- Work item: Your answer must be a single number: how many lines in the records below contain the word "induced".

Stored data

________________________________________

(* Let $G$ be a finite simple connected graph that is simply connected, and let $v_0\in V(G)$. Then the cluster graph $\mathcal{C}(G)$ of $G$ with respect to $v_0$ is a tree.
   Context: For $i\ge 0$ let $S^i=\{v\in V(G): d(v_0,v)=i\}$ (graph distance). The clusters of $G$ with respect to $v_0$ are the vertex sets of the connected components of the induced subgraphs $G[S^i]$, $i\ge 0$; i.e. two vertices $u,v\in S^i$ are in the same cluster iff there is a path from $u$ to $v$ all of whose vertices lie in $S^i$. The cluster graph $\mathcal{C}(G)$ has the clusters as vertices, and two distinct clusters $C,C'$ are adjacent iff there exist $v\in C$, $v'\in C'$ with $vv'\in E(G)$. A loop in $G$ is a finite sequence of vertices $(v_0,\dots,v_k)$ with, for each $i<k$, $v_iv_{i+1}\in E(G)$ or $v_i=v_{i+1}$. Two loops $(v_0,\dots,v_{i-1},v_i,v_{i+1},\dots,v_k)$ and $(v_0,\dots,v_{i-1},v_{i+1},\dots,v_k)$ are related by an elementary homotopy (in either direction) if $v_i=v_{i+1}$, or $v_{i-1}=v_{i+1}$, or $v_{i-1}v_{i+1}\in E(G)$. A loop is contractible if it can be reduced to a single vertex by a finite sequence of elementary homotopies; $G$ is simply connected if every loop is contractible. *)

From mathcomp Require Import ssreflect ssrfun ssrbool eqtype ssrnat seq path choice fintype tuple finset fingraph.
Set Implicit Arguments. Unset Strict Implicit. Unset Printing Implicit Defensive.

Section Graphs.
Variable T : finType.
Implicit Types (e : rel T) (x y : T).

Definition simple_graph e := symmetric e /\ irreflexive e.
Definition connected_graph e := forall x y, connect e x y.

Definition walk_len e n x y : bool :=
  [exists p : n.-tuple T, path e x p && (last x p == y)].

(* graph distance d(x,y): least length of a walk from x to y
   (a shortest walk has length < #|T|; default #|T| if unreachable) *)
Definition dist e x y : nat := find (fun n => walk_len e n x y) (iota 0 #|T|).

(* edges of the induced subgraph G[S^i] for the level sets S^i *)
Definition level_rel e v0 : rel T :=
  [rel x y | e x y && (dist e v0 x == dist e v0 y)].

Definition same_cluster e v0 x y : bool := connect (level_rel e v0) x y.

Definition is_cluster e v0 (C : {set T}) : bool :=
  [exists x, C == [set y | same_cluster e v0 x y]].

Definition cluster e v0 := {C : {set T} | is_cluster e v0 C}.

Definition cluster_adj e v0 : rel (cluster e v0) :=
  fun C C' => (C != C') &&
    [exists u, exists v, [&& u \in val C, v \in val C' & e u v]].

Definition lstep e : rel T := fun x y => (x == y) || e x y.
Definition is_loop e (s : seq T) : Prop :=
  exists x p, s = x :: p /\ path (lstep e) x p /\ last x p = x.

(* one elementary homotopy (removal direction) *)
Inductive elem_red e : seq T -> seq T -> Prop :=
| ER_dup a x b : elem_red e (a ++ x :: x :: b) (a ++ x :: b)
| ER_tri a u x w b : (u == w) || e u w ->
    elem_red e (a ++ u :: x :: w :: b) (a ++ u :: w :: b).

Definition elem_homotopy e (s t : seq T) : Prop :=
  is_loop e s /\ is_loop e t /\ (elem_red e s t \/ elem_red e t s).

Inductive homotopic e : seq T -> seq T -> Prop :=
| H_refl s : homotopic e s s
| H_step s t u : elem_homotopy e s t -> homotopic e t u -> homotopic e s u.

Definition contractible e (s : seq T) : Prop := exists v, homotopic e s [:: v].

Definition simply_connected e : Prop :=
  forall s, is_loop e s -> contractible e s.
End Graphs.
Arguments cluster_adj {T} e v0.

Section Trees.
Variable S : finType.
Definition has_graph_cycle (r : rel S) : Prop :=
  exists p : seq S, [/\ 3 <= size p, uniq p & cycle r p].
Definition is_tree (r : rel S) : Prop :=
  (forall x y, connect r x y) /\ ~ has_graph_cycle r.
End Trees.

From mathcomp Require Import ssreflect ssrfun ssrbool eqtype ssrnat seq path choice fintype tuple finset fingraph.
From mathcomp Require Import ssralg ssrint zify.
Set Implicit Arguments. Unset Strict Implicit. Unset Printing Implicit Defensive.
Import GRing.Theory.

(* Fix a directed edge (A, B) of the cluster graph and let the flow of a loop
   be the number of its steps from cluster A to cluster B minus the number of
   steps from B to A.  Two adjacent vertices have distances from v0 differing
   by at most one, so among three pairwise adjacent vertices two lie at the
   same distance, hence in the same cluster; an elementary homotopy therefore
   never changes the flow, and contractible loops have flow 0.  A cycle
   C1 C2 ... Ck C1 of the cluster graph lifts to a loop of G crossing from C1
   to C2 exactly once and never back, i.e. of flow 1.  The cluster graph is
   connected because G is. *)

Local Open Scope ring_scope.

Section NetFlow.
Variables (X : eqType) (A B : X).

Definition flow (P Q : X) : int :=
  ((P == A) && (Q == B))%:Z - ((P == B) && (Q == A))%:Z.

Lemma flowxx P : flow P P = 0.
Proof. by rewrite /flow andbC subrr. Qed.

Lemma flow_swap P Q : flow Q P = - flow P Q.
Proof. by rewrite /flow opprB andbC [(Q == B) && _]andbC. Qed.

Lemma flow_degenerate P Q R :
  [\/ P = R, P = Q | Q = R] -> flow P Q + flow Q R = flow P R.
Proof.
by case=> <-; rewrite ?flowxx ?add0r ?addr0 // flow_swap addNr.
Qed.

Fixpoint net_flow (x : X) (p : seq X) : int :=
  if p is y :: q then flow x y + net_flow y q else 0.

Lemma net_flow_cat x p q :
  net_flow x (p ++ q) = net_flow x p + net_flow (last x p) q.
Proof. by elim: p x => [|y p IH] x /=; rewrite ?add0r // IH addrA. Qed.

Lemma net_flow_const x p : all (pred1 x) p -> net_flow x p = 0.
Proof.
by elim: p => [|y p IH] //= /andP[/eqP-> /IH->]; rewrite flowxx addr0.
Qed.

(* every nonzero term of the flow has B as one of its endpoints *)
Lemma net_flow_notin x p : B \notin x :: p -> net_flow x p = 0.
Proof.
elim: p x => [|y p IH] x //; rewrite !inE !negb_or => /and3P[xB yB pB].
rewrite /= IH ?inE ?negb_or ?yB // /flow (eq_sym x B) (eq_sym y B).
by rewrite (negbTE xB) (negbTE yB) andbF addr0.
Qed.

Definition seq_flow (s : seq X) : int :=
  if s is x :: p then net_flow x p else 0.

Lemma seq_flow_splice a y q q' : net_flow y q = net_flow y q' ->
  seq_flow (a ++ y :: q) = seq_flow (a ++ y :: q').
Proof.
by case: a => [|x a] Eq //=; rewrite !net_flow_cat /= Eq.
Qed.

End NetFlow.

Lemma net_flow_cycle (X : eqType) (C1 C2 C3 : X) (ps : seq X) :
  uniq [:: C1, C2, C3 & ps] -> net_flow C1 C2 C1 (rcons [:: C2, C3 & ps] C1) = 1.
Proof.
rewrite /= !inE !negb_or => /and3P[/and3P[C12 C13 _] /andP[C23 C2ps] _].
rewrite net_flow_notin; last first.
  by rewrite inE mem_rcons !inE (negbTE C23) eq_sym (negbTE C12) (negbTE C2ps).
rewrite /flow !eqxx (negbTE C12) (eq_sym C2 C1) (negbTE C12) (eq_sym C3 C1).
by rewrite (negbTE C13) !andbF.
Qed.

Section HomotopyInvariance.
Variables (T : finType) (e : rel T) (X : eqType) (f : T -> X).

Definition collapses_triangles := forall u x w,
  lstep e u x -> lstep e x w -> lstep e u w ->
  [\/ f u = f w, f u = f x | f x = f w].

Hypothesis f_collapses : collapses_triangles.

Lemma loop_sorted s : is_loop e s -> sorted (lstep e) s.
Proof. by case=> x [p [-> [Hp _]]]. Qed.

Lemma elem_red_seq_flow A B s t : is_loop e s -> elem_red e s t ->
  seq_flow A B (map f s) = seq_flow A B (map f t).
Proof.
move=> /loop_sorted + R; case: R => [a x b | a u x w b uw] Ls; rewrite !map_cat /=.
  by apply: seq_flow_splice => /=; rewrite flowxx add0r.
apply: seq_flow_splice => /=; rewrite addrA flow_degenerate //.
move: Ls; rewrite sorted_cat_cons /= => /andP[_ /and3P[ux xw _]].
exact: f_collapses.
Qed.

Lemma homotopic_seq_flow A B s t : homotopic e s t ->
  seq_flow A B (map f s) = seq_flow A B (map f t).
Proof.
elim=> // {}s {}t u [Ls [Lt [R|R]]] _ <-.
  exact: elem_red_seq_flow.
by rewrite (elem_red_seq_flow A B Lt R).
Qed.

Lemma contractible_seq_flow A B s : contractible e s ->
  seq_flow A B (map f s) = 0.
Proof. by case=> v /(homotopic_seq_flow A B). Qed.

End HomotopyInvariance.

Lemma find_iota_le (P : pred nat) N k : P k -> (find P (iota 0 N) <= k)%N.
Proof.
move=> Pk; case: (ltnP k N) => kN.
  rewrite leqNgt; apply/negP => /(before_find 0).
  by rewrite nth_iota // add0n Pk.
by apply: leq_trans (find_size _ _) _; rewrite size_iota.
Qed.

Section Clusters.
Variables (T : finType) (e : rel T) (v0 : T).
Hypothesis e_sym : symmetric e.
Hypothesis e_conn : connected_graph e.

Lemma walk_lenP n x y :
  reflect (exists p, [/\ size p = n, path e x p & last x p = y]) (walk_len e n x y).
Proof.
apply: (iffP existsP) => [[p /andP[Hp /eqP Hl]]|[p [<- Hp Hl]]].
  by exists p; rewrite size_tuple.
by exists (in_tuple p); rewrite /= Hp Hl eqxx.
Qed.

Lemma walk_len_dist x y : walk_len e (dist e x y) x y.
Proof.
have /connectP[p /shortenP[p' p'_path p'_uniq _] ->] := e_conn x y.
have p'_small : (size p' < #|T|)%N.
  by have := max_card (mem (x :: p')); rewrite (card_uniqP p'_uniq).
have has_walk : has (fun n => walk_len e n x (last x p')) (iota 0 #|T|).
  by apply/hasP; exists (size p'); rewrite ?mem_iota //; apply/walk_lenP; exists p'.
have := nth_find 0 has_walk; rewrite /dist nth_iota ?add0n //.
by move: has_walk; rewrite has_find size_iota.
Qed.

Lemma dist_edge_le a b : e a b -> (dist e v0 b <= (dist e v0 a).+1)%N.
Proof.
move=> eab; apply: find_iota_le.
have /walk_lenP[p [Hs Hp Hl]] := walk_len_dist v0 a.
apply/walk_lenP; exists (rcons p b).
by rewrite size_rcons Hs rcons_path Hp Hl last_rcons.
Qed.

Lemma same_cluster_sym : connect_sym (level_rel e v0).
Proof. by apply: sym_connect_sym => x y; rewrite /level_rel /= e_sym eq_sym. Qed.

Definition clset x := [set y | same_cluster e v0 x y].

Lemma is_cluster_clset x : is_cluster e v0 (clset x).
Proof. by apply/existsP; exists x. Qed.

Definition cl x : cluster e v0 := exist _ (clset x) (is_cluster_clset x).

Lemma mem_cl x : x \in val (cl x).
Proof. by rewrite inE; apply: connect0. Qed.

Lemma cl_eqP x y : reflect (cl x = cl y) (same_cluster e v0 x y).
Proof.
apply: (iffP idP) => [xy|Exy]; last by have := mem_cl y; rewrite -Exy inE.
apply: val_inj; apply/setP => z; rewrite !inE.
exact: (same_connect same_cluster_sym xy z).
Qed.

Lemma cl_surj (C : cluster e v0) : exists x, C = cl x.
Proof.
case: C => S HS; have /existsP[x /eqP ES] := HS.
by exists x; apply: val_inj.
Qed.

Lemma cluster_cl (C : cluster e v0) u : u \in val C -> C = cl u.
Proof. by have [x ->] := cl_surj C; rewrite inE => /cl_eqP. Qed.

Lemma cl_edge a b : e a b -> dist e v0 a = dist e v0 b -> cl a = cl b.
Proof.
by move=> eab Eab; apply/cl_eqP/connect1; rewrite /level_rel /= eab Eab eqxx.
Qed.

Lemma triangle_dist u x w : e u x -> e x w -> e u w ->
  [\/ dist e v0 u = dist e v0 w, dist e v0 u = dist e v0 x
     | dist e v0 x = dist e v0 w].
Proof.
move=> ux xw uw.
have xu : e x u by rewrite e_sym.
have wx : e w x by rewrite e_sym.
have wu : e w u by rewrite e_sym.
move: (dist_edge_le ux) (dist_edge_le xu) (dist_edge_le xw) (dist_edge_le wx)
  (dist_edge_le uw) (dist_edge_le wu) => *.
have [?|/eqP ?] := eqVneq (dist e v0 u) (dist e v0 x); first exact: Or32.
have [?|/eqP ?] := eqVneq (dist e v0 x) (dist e v0 w); first exact: Or33.
have [?|/eqP ?] := eqVneq (dist e v0 u) (dist e v0 w); first exact: Or31.
exfalso; lia.
Qed.

Lemma cl_collapses_triangles : collapses_triangles e cl.
Proof.
move=> u x w /orP[/eqP->|ux]; first by move=> _ _; apply: Or32.
move=> /orP[/eqP<-|xw]; first by move=> _; apply: Or33.
move=> /orP[/eqP<-|uw]; first exact: Or31.
case: (triangle_dist ux xw uw) => E; [apply: Or31 | apply: Or32 | apply: Or33];
  exact: cl_edge E.
Qed.

Lemma connect_cl x y : connect e x y -> connect (cluster_adj e v0) (cl x) (cl y).
Proof.
move=> /connectP[p + ->]; elim: p x => [|z p IH] x /=; first by rewrite connect0.
move=> /andP[exz /IH]; apply: connect_trans.
have [->|xz] := eqVneq (cl x) (cl z); first exact: connect0.
apply/connect1/andP; split=> //.
by apply/existsP; exists x; apply/existsP; exists z; rewrite !mem_cl exz.
Qed.

Lemma within_cluster_walk x y : cl x = cl y -> exists p,
  [/\ path (lstep e) x p, last x p = y & all (pred1 (cl x)) (map cl p)].
Proof.
move=> /cl_eqP/connectP[p + ->]; elim: p x => [|z p IH] x /=.
  by exists [::].
move=> /andP[xz /IH[q [Hq Lq Cq]]]; exists (z :: q).
have Exz : cl x = cl z by apply/cl_eqP/connect1.
move: xz => /andP[exz _].
by rewrite /= /lstep exz orbT Hq Lq Exz eqxx.
Qed.

Lemma cluster_path_lift C q x y : path (cluster_adj e v0) C q ->
  cl x = C -> cl y = last C q -> exists p,
  [/\ path (lstep e) x p, last x p = y &
      forall A B, net_flow A B (cl x) (map cl p) = net_flow A B C q].
Proof.
elim: q C x => [|D q IH] C x /=.
  move=> _ <- /esym/within_cluster_walk[p [Hp Lp Cp]].
  by exists p; split=> // A B; apply: net_flow_const.
move=> /andP[/andP[_ /existsP[u /existsP[v /and3P[uC vD euv]]]] HD] Ex Ey.
have ECu := cluster_cl uC; have EDv := cluster_cl vD.
have [p1 [P1 L1 C1]] := within_cluster_walk (etrans Ex ECu).
have [p2 [P2 L2 F2]] := IH D v HD (esym EDv) Ey.
exists (p1 ++ v :: p2); split.
- by rewrite cat_path P1 L1 /= /lstep euv orbT P2.
- by rewrite last_cat L1.
move=> A B; rewrite map_cat net_flow_cat net_flow_const //= F2.
by rewrite (last_map cl) L1 ECu EDv add0r.
Qed.

End Clusters.

Theorem mainTheorem3 (T : finType) (e : rel T) (v0 : T) :
  simple_graph e -> connected_graph e -> simply_connected e ->
  is_tree (cluster_adj e v0).
Proof.
move=> [e_sym _] e_conn e_sc; split.
  move=> C D; have [x ->] := cl_surj C; have [y ->] := cl_surj D.
  exact: connect_cl.
case=> -[|C1 [|C2 [|C3 ps]]] [] // _ C_uniq C_cycle.
have [x Ex] := cl_surj C1.
have x_last : cl e v0 x = last C1 (rcons [:: C2, C3 & ps] C1) by rewrite last_rcons.
have [p [p_path p_last p_flow]] := cluster_path_lift e_sym C_cycle (esym Ex) x_last.
have p_loop : is_loop e (x :: p) by exists x, p.
have := contractible_seq_flow (cl_collapses_triangles v0 e_sym e_conn) C1 C2
  (e_sc _ p_loop).
by rewrite /= p_flow net_flow_cycle.
Qed.
(* Let $L$ be a normalised lattice in $\mathrm{Osc}_1$, $\lambda=\lambda(L)$, $r=r(L)$, and let $s_0\in\mathbb N_{>0}$ be associated with the type of $L$ as follows: if $L$ is of type $L^1_{r_0}$, $s_0=r/r_0$; if $L$ is of type $L^{q,+}_r$ ($q\in\{2,3,4\}$), $s_0=1$ when $q=4$ and $r\in 2+4\mathbb Z$, and $s_0=q_0$ otherwise; if $L$ is of type $L^q_r$ with $q\in\{2,3,4,6\}$, $s_0=q_0$ when $q=4$ and $r\in2+4\mathbb Z$, and $s_0=1$ otherwise (here $q_0\in\{2,3\}$ is the smallest prime factor of $q$). Put $u=1/(s_0r\lambda)$. Then there is an inner automorphism $F$ of $\mathrm{Osc}_1$ with $F_u(L)=F(L)$.
   Context: $\mathrm{Osc}_1$ is the set $\mathbb C\times\mathbb R\times\mathbb R$ with multiplication $(\xi_1,z_1,t_1)(\xi_2,z_2,t_2)=(\xi_1+e^{it_1}\xi_2,\ z_1+z_2+\tfrac12\operatorname{Im}(\overline{\xi_1}e^{it_1}\xi_2),\ t_1+t_2)$; $H=\mathbb C\times\mathbb R\times\{0\}$ is the Heisenberg subgroup, with centre $Z(H)=\{0\}\times\mathbb R\times\{0\}$. For $u\in\mathbb R$, $F_u(\xi,z,t)=(\xi,z+ut,t)$ is an automorphism. For a lattice $L$ (discrete cocompact subgroup): $L\cap H$ is isomorphic to a discrete Heisenberg group $H_1^r(\mathbb Z)=\langle\alpha,\beta,\gamma\mid\alpha\beta\alpha^{-1}\beta^{-1}=\gamma^r,\gamma\text{ central}\rangle$ for a unique $r=:r(L)$; the projection of $L$ to the last factor $\mathbb R$ is generated by a unique $\lambda(L)\in\pi\mathbb N_{>0}\cup\bigcup_{\lambda_0\in\{\pi/3,\pi/2,2\pi/3\}}(\lambda_0+2\pi\mathbb Z)$; $\operatorname{ord}(\lambda)$ is the least $q\ge1$ with $q\lambda\in2\pi\mathbb Z$. $L$ is normalised if the projection of $L\cap H$ to $H/Z(H)\cong\mathbb C\cong\mathbb R^2$ is a lattice of covolume one (equivalently $[L\cap H,L\cap H]$ is generated by $(0,1,0)$). As an abstract group $L$ is isomorphic to exactly one of the following groups, called its type: $H_1^r(\mathbb Z)\rtimes_S\mathbb Z\delta$ with $\delta x\delta^{-1}=S(x)$, $S(\gamma)=\gamma$ and $(S(\alpha),S(\beta))$ given by: $L^1_r$: $(\alpha,\beta)$; $L^2_r$: $(\alpha^{-1},\beta^{-1})$; $L^{2,+}_r$ ($r$ even): $(\alpha^{-1}\gamma,\beta^{-1}\gamma^{-1})$; $L^3_r$: $(\beta\gamma^r,\beta^{-1}\alpha^{-1})$; $L^{3,+}_r$ ($3\mid r$): $(\beta\gamma^{r-1},\beta^{-1}\alpha^{-1}\gamma)$; $L^4_r$: $(\beta,\alpha^{-1})$; $L^{4,+}_r$ ($r$ even): $(\beta\gamma,\alpha^{-1})$; $L^6_r$: $(\alpha\beta,\alpha^{-1})$. For types other than $L^1$ the index $r$ equals $r(L)$ and $q=\operatorname{ord}(\lambda(L))$ equals the superscript. *)

From Stdlib Require Import Reals ZArith.
Open Scope R_scope.
Lemma gordan_subset (P : I -> J -> R) (X : {set I}) :
  semipos_dependent P X \/ neg_solvable P X.
Proof.
have [n] := ubnP #|X|; elim: n => // n IHn in P X *; rewrite ltnS => leXn.
case: (set_0Vmem X) => [->|[i0 Xi0]].
  by right; exists (fun=> 0) => i; rewrite inE.
set X' := X :\ i0.
have ltX'n : (#|X'| < n)%N by move: leXn; rewrite (cardsD1 i0) Xi0.
have memX i : i \in X -> i = i0 \/ i \in X'.
  by rewrite !inE; case: eqP => [-> _|_ Xi]; [left | right].
case: (set_0Vmem X') => [X'0|[i1 X'i1]].
  by rewrite -(finset.setD1K Xi0) -/X' X'0 finset.setU0; apply: gordan_singleton.
have [dep|[y1 y1_neg]] := IHn P X' ltX'n.
  left; apply: (dependent_lift (u := fun=> 1) (v := fun=> 0) Xi0 _ _ dep).
    by move=> i _; rewrite ler01 lexx addr0.
  by move=> i j _; rewrite mul1r mul0r addr0.
set b := dot (P i0) y1.
have [b_lt0|b_ge0] := ltP b 0.
  by right; exists y1 => i /memX [->|/y1_neg].
pose a i := - dot (P i) y1.
have a_gt0 i : i \in X' -> 0 < a i by move=> /y1_neg; rewrite oppr_gt0.
(* [P' i] is the point of the segment [P i, P i0] orthogonal to [y1]. *)
pose P' i j := b / (a i + b) * P i j + a i / (a i + b) * P i0 j.
have [dep'|[y2 y2_neg]] := IHn P' X' ltX'n.
  left; apply: (dependent_lift Xi0 _ _ dep') => // i X'i.
  have ab_gt0 : 0 < a i + b by rewrite ltr_pwDl ?a_gt0.
  split; rewrite ?divr_ge0 ?(ltW (a_gt0 _ X'i)) ?(ltW ab_gt0) //.
  by rewrite -mulrDl [b + _]addrC divff ?gt_eqF.
set d := dot (P i0) y2.
have [l [l_gt l_lt]] :
    exists l, (forall i, i \in X' -> dot (P i) y2 < l * a i) /\ b * l + d < 0.
  apply: (exists_threshold X'i1 b_ge0) => i X'i; have ai_gt0 := a_gt0 i X'i.
  have ab_gt0 : 0 < a i + b by rewrite ltr_pwDl.
  have dotP' : dot (P' i) y2 = (b * dot (P i) y2 + a i * d) / (a i + b).
    by rewrite /P' dot_combl -/d; field; rewrite gt_eqF.
  by split=> //; have := y2_neg i X'i; rewrite dotP' pmulr_llt0 // invr_gt0.
right; exists (fun j => y2 j + l * y1 j) => i /memX [->|X'i]; rewrite dot_combr.
  by rewrite -/d -/b addrC mulrC.
by have := l_gt i X'i; rewrite /a mulrN; lra.
Qed.

Theorem gordan (P : I -> J -> R) :
  (exists2 x : I -> R, (forall i, 0 <= x i) &
     0 < \sum_i x i /\ forall j, \sum_i x i * P i j = 0)
  \/ exists y, forall i, dot (P i) y < 0.
Proof.
have sum_setT (F : I -> R) : \sum_(i in [set: I]) F i = \sum_i F i.
  by apply: eq_bigl => i; rewrite inE.
have [[x x_ge0 [sum_gt0 comb0]]|[y y_neg]] := gordan_subset P [set: I].
  left; exists x => [i|]; first by rewrite x_ge0 ?inE.
  by rewrite sum_setT in sum_gt0; split=> // j; rewrite -[LHS]sum_setT.
by right; exists y => i; rewrite y_neg ?inE.
Qed.

End Gordan.

Local Open Scope classical_set_scope.

Section MixedStrategies.
Variable R : realType.

Lemma mixed_dirac (I : finType) (i0 : I) : mixed (fun i => (i == i0)%:R : R).
Proof.
split=> [i|]; first exact: ler0n.
by rewrite (bigD1 i0) //= eqxx big1 ?addr0 // => i /negbTE ->.
Qed.

Lemma sum_dirac_mul (I : finType) (i0 : I) (u : I -> R) :
  \sum_i (i == i0)%:R * u i = u i0.
Proof.
by rewrite (bigD1 i0) //= eqxx mul1r big1 ?addr0 // => i /negbTE ->; rewrite mul0r.
Qed.

Lemma mixed_normalize (I : finType) (x : I -> R) :
  (forall i, 0 <= x i) -> 0 < \sum_i x i -> mixed (fun i => x i / \sum_k x k).
Proof.
move=> x_ge0 sum_gt0; split=> [i|]; first by rewrite divr_ge0 // ltW.
by rewrite -mulr_suml divff // gt_eqF.
Qed.

Lemma mixed_sum_le (I : finType) (x u : I -> R) (c : R) :
  mixed x -> (forall i, u i <= c) -> \sum_i x i * u i <= c.
Proof.
move=> [x_ge0 x_sum1] u_le; rewrite -[leRHS]mul1r -x_sum1 mulr_suml.
by apply: ler_sum => i _; rewrite ler_wpM2l.
Qed.
(* Let $\alpha\ge0$, $\beta\ge0$, $\gamma<0$, $\omega^2=1$, $c,a\in\mathbb{R}$ with $ca>0$, $N\ge2$, and $r>0$. Consider $$\dot{x}_i=y_i+\frac{ca}{N}\sum_{j=1}^N(x_j-x_i),\qquad \dot{y}_i=-(\alpha x_i^2+\beta y_i^2-\gamma)y_i-\omega^2x_i+\frac{ca}{N}\sum_{j=1}^N(y_j-y_i),\quad i=1,\dots,N.$$ Suppose one of the following holds: (1) $\alpha=0$ and $3\beta r^2>\gamma-ca$; (2) $\alpha\neq0$, $\alpha>3\beta$, $r^2\le\frac{ca\alpha-3ca\beta}{\alpha^2}$, and $3\beta r^2>\gamma-ca$; (3) $\alpha\neq0$, $\alpha<3\beta$, $r^2\le\frac{3ca\beta-ca\alpha}{\alpha^2}$, and $\alpha r^2>\gamma-ca$; (4) $3ca\alpha\beta+\alpha^2(ca-\gamma)>0$, $r^2\ge\max\{\frac{ca\alpha-3ca\beta}{\alpha^2},\frac{3ca\beta-ca\alpha}{\alpha^2}\}$, and $\frac{ca\alpha+3ca\beta-2\sqrt{3c^2a^2\alpha\beta+\alpha^2ca(ca-\gamma)}}{\alpha^2}<r^2<\frac{ca\alpha+3ca\beta+2\sqrt{3c^2a^2\alpha\beta+\alpha^2ca(ca-\gamma)}}{\alpha^2}$. If $x_i(0)^2+y_i(0)^2\le r^2$ for all $i=1,\dots,N$, then $|x_i(t)-x_j(t)|+|y_i(t)-y_j(t)|\to0$ exponentially as $t\to\infty$ for all $i,j$ (complete synchronization). *)

From Stdlib Require Import Reals.
From Coquelicot Require Import Coquelicot.
Open Scope R_scope.

(* Oscillators indexed by i = 0, ..., N-1.
   coupling N f i = sum_{j=0}^{N-1} (f j - f i). *)
Definition coupling (N : nat) (f : nat -> R) (i : nat) : R :=
  sum_f_R0 (fun j => f j - f i) (pred N).

Definition is_solution (alpha beta gamma omega c a : R) (N : nat)
  (x y : nat -> R -> R) : Prop :=
  forall t, 0 <= t -> forall i, (i < N)%nat ->
    is_derive (x i) t
      (y i t + c * a / INR N * coupling N (fun j => x j t) i) /\
    is_derive (y i) t
      (- (alpha * (x i t)^2 + beta * (y i t)^2 - gamma) * y i t
       - omega^2 * x i t
       + c * a / INR N * coupling N (fun j => y j t) i).

From Stdlib Require Import Reals Lra Lia.
From Coquelicot Require Import Coquelicot.
Open Scope R_scope.

(* Write n_i = x_i^2 + y_i^2.  The nonlinear damping only dissipates and, since omega^2 = 1,
   the rotation is conservative, so n_i' <= (c a / N) sum_j (n_j - n_i).  Hence
   sum_i max(0, n_i - r^2)^2 is nonincreasing and the disk of radius r is invariant.
   Inside the disk, the mean value theorem writes the error e = (x_i - x_j, y_i - y_j) as
   e' = J e, where the symmetric part of -J is [[c a, alpha xi eta], [alpha xi eta,
   c a - gamma + alpha xi^2 + 3 beta eta^2]] for some (xi, eta) in the disk.  Each of the
   four conditions makes its determinant uniformly positive on the disk, so |e|^2 decays
   exponentially. *)

Lemma is_derive_sq_plus_sq (f g : R -> R) (t df dg : R) :
  is_derive f t df -> is_derive g t dg ->
  is_derive (fun s => f s ^ 2 + g s ^ 2) t (2 * f t * df + 2 * g t * dg).
Proof.
  intros Hf Hg.
  pose proof (is_derive_plus _ _ t _ _ (is_derive_pow f 2 t df Hf)
                (is_derive_pow g 2 t dg Hg)) as H.
  replace (2 * f t * df + 2 * g t * dg)
    with (plus (INR 2 * df * f t ^ 1) (INR 2 * dg * g t ^ 1)).
  - exact H.
  - unfold plus; simpl; ring.
Qed.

________________________________________

- Solution below: 2